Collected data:
○ ○ ○ ○

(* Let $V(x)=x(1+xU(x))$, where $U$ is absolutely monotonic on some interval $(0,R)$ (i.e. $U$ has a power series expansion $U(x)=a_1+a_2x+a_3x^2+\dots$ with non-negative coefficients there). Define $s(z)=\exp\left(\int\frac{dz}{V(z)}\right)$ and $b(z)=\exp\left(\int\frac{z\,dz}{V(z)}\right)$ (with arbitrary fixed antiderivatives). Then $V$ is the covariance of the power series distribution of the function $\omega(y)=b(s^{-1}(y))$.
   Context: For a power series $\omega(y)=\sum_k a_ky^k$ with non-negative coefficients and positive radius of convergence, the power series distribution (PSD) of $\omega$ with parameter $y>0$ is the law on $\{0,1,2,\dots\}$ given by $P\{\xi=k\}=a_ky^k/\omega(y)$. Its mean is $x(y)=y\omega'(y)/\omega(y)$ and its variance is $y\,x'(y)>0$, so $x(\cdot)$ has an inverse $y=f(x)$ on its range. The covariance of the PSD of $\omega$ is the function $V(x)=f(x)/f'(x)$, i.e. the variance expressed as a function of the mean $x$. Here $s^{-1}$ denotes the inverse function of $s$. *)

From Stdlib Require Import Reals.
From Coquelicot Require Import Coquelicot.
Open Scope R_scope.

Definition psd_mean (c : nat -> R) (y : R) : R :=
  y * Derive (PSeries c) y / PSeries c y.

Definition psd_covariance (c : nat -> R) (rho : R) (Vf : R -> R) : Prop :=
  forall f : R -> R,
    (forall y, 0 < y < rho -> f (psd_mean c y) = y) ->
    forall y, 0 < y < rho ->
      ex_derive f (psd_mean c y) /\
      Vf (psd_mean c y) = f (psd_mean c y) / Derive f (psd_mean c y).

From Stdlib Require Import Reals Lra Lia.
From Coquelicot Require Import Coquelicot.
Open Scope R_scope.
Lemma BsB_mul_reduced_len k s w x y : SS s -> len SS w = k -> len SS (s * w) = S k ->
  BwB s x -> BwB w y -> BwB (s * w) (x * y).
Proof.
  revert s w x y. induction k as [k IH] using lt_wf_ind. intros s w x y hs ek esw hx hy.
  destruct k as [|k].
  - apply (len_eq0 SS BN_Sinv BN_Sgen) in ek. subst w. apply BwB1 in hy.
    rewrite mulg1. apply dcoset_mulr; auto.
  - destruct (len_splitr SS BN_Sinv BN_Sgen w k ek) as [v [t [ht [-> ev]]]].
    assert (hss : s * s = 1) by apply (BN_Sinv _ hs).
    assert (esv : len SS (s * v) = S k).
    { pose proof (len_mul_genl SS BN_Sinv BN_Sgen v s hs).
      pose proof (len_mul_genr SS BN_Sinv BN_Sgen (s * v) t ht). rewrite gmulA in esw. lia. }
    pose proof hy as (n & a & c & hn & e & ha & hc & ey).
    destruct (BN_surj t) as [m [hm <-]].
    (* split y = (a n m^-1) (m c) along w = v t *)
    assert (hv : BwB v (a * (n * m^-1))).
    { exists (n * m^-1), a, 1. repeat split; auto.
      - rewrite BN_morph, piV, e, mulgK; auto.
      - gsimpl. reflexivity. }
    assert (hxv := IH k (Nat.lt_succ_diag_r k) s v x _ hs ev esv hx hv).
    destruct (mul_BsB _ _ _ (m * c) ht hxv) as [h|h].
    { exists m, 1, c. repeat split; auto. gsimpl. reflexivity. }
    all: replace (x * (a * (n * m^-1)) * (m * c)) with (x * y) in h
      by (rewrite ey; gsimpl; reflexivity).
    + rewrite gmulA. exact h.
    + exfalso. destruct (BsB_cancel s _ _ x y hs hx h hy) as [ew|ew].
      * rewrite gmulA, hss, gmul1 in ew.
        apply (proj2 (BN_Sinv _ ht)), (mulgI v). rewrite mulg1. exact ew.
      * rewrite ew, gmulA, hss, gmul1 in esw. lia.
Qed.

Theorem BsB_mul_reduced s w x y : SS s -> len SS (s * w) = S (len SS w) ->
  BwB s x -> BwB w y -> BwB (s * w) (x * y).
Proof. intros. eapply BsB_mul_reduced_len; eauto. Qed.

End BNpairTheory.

○ ○ ○ ○

> [WHAT IS REQUIRED] Set down, exactly as they stand above, the lines starting with the line with "assert (esv : len SS (s * v) = S k)." and going on through the line with "destruct (BN_surj t) as [m [hm <-]].", and no others.

> [EXERCISE RESULT]
    assert (esv : len SS (s * v) = S k).
    { pose proof (len_mul_genl SS BN_Sinv BN_Sgen v s hs).
      pose proof (len_mul_genr SS BN_Sinv BN_Sgen (s * v) t ht). rewrite gmulA in esw. lia. }
    pose proof hy as (n & a & c & hn & e & ha & hc & ey).
    destruct (BN_surj t) as [m [hm <-]].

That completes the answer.